** Opening Extracted material block **

(* For $n\in\mathbb{N}$ let $\sigma^{(n)}$ be the distribution on $[n]$ with $\sigma^{(n)}_{\le i}=1-(1-\frac in)^2$, and consider the exponential-jump process with choice distribution $\sigma^{(n)}$ in its stationary regime, i.e. with gap vector $(d_1,\dots,d_{n-1})$ distributed according to $\bigotimes_{i=1}^{n-1}\mathrm{Exp}(n\sigma^{(n)}_{\le i}-i)$. Define $g_n(x)=\mathbb{E}\big[t_{\lceil xn\rceil}-t_{\lceil n/2\rceil}\big]$ for $x\in(0,1)$. Then for every $x\in(0,1)$, \[\lim_{n\to\infty}g_n(x)=\log\Big(\frac{x}{1-x}\Big).\]
   Context: The exponential-jump process with choice distribution $\sigma$ on $[n]$: the state consists of $n$ tokens at real positions $t_1<\dots<t_n$; in each step, independently sample $i^*\sim\sigma$ and $X\sim\mathrm{Exp}(1)$, move the $i^*$-th token from the left a distance $X$ to the right, and re-sort. The gaps are $d_i=t_{i+1}-t_i$, so $t_j-t_k=\sum_{i=k}^{j-1}d_i$ for $k\le j$ (and the negative of the corresponding sum for $k>j$). $\mathrm{Exp}(\lambda)$ is the exponential distribution with rate $\lambda$ (mean $1/\lambda$); $\bigotimes$ denotes a product of independent distributions; the product distribution above is the stationary distribution of the gap vector. $\log$ is the natural logarithm. *)

From HB Require Import structures.
From mathcomp Require Import all_boot all_order all_algebra.
From mathcomp Require Import all_classical all_reals all_analysis.
Set Implicit Arguments. Unset Strict Implicit. Unset Printing Implicit Defensive.
Import Order.TTheory GRing.Theory Num.Theory.
Import numFieldNormedType.Exports.
Local Open Scope classical_set_scope.
Local Open Scope ring_scope.

Definition sigma_le {R : realType} (n i : nat) : R :=
  1 - (1 - i%:R / n%:R) ^+ 2.

Definition gap_rate {R : realType} (n i : nat) : R :=
  n%:R * sigma_le n i - i%:R.

(* t_j - t_k expressed through the gaps d_i = t_{i+1} - t_i (1-indexed) *)
Definition tdiff {T : Type} {R : realType} (d : nat -> T -> R) (k j : nat)
  : T -> R :=
  fun w => if (k <= j)%N then \sum_(k <= i < j) d i w
           else - \sum_(j <= i < k) d i w.

Definition mutually_independent {d} {T : measurableType d} {R : realType}
  (P : probability T R) (I : set nat) (X : nat -> {RV P >-> R}) : Prop :=
  forall (J : seq nat), uniq J -> (forall j, j \in J -> I j) ->
  forall B : nat -> set R, (forall j, measurable (B j)) ->
  P (\big[setI/setT]_(j <- J) (X j @^-1` B j)) =
  (\prod_(j <- J) P (X j @^-1` B j))%E.
Arguments mutually_independent {d T R} P I X.

From HB Require Import structures.
From mathcomp Require Import all_boot all_order all_algebra.
From mathcomp Require Import all_classical all_reals all_analysis.
From mathcomp Require Import ring lra zify.
Import Order.TTheory GRing.Theory Num.Theory.
Import numFieldNormedType.Exports.
Local Open Scope classical_set_scope.
Local Open Scope ring_scope.

(* The i-th gap is exponential with rate i(n-i)/n, hence has mean 1/i + 1/(n-i),
   and by linearity E[t_j - t_k] is the signed sum of these means between
   k = ceil(n/2) and j = ceil(xn). Comparing 1/m with ln(m+1) - ln m, the sum
   telescopes to L(j) - L(k), with L(i) = ln i - ln(n-i+1), up to an error
   O(1/k + 1/j + 1/(n-k+1) + 1/(n-j+1)). Since k/n -> 1/2 and j/n -> x, the
   error vanishes and L(j) - L(k) -> ln(x/(1-x)) - ln((1/2)/(1/2)). *)

Definition signed_sum {V : zmodType} (f : nat -> V) (a b : nat) : V :=
  if (a <= b)%N then \sum_(a <= i < b) f i else - \sum_(b <= i < a) f i.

** Closing Extracted material block **

Exercise details:
Your answer should be only the number of lines, in the entries above, that include "stationary".

Written response:
2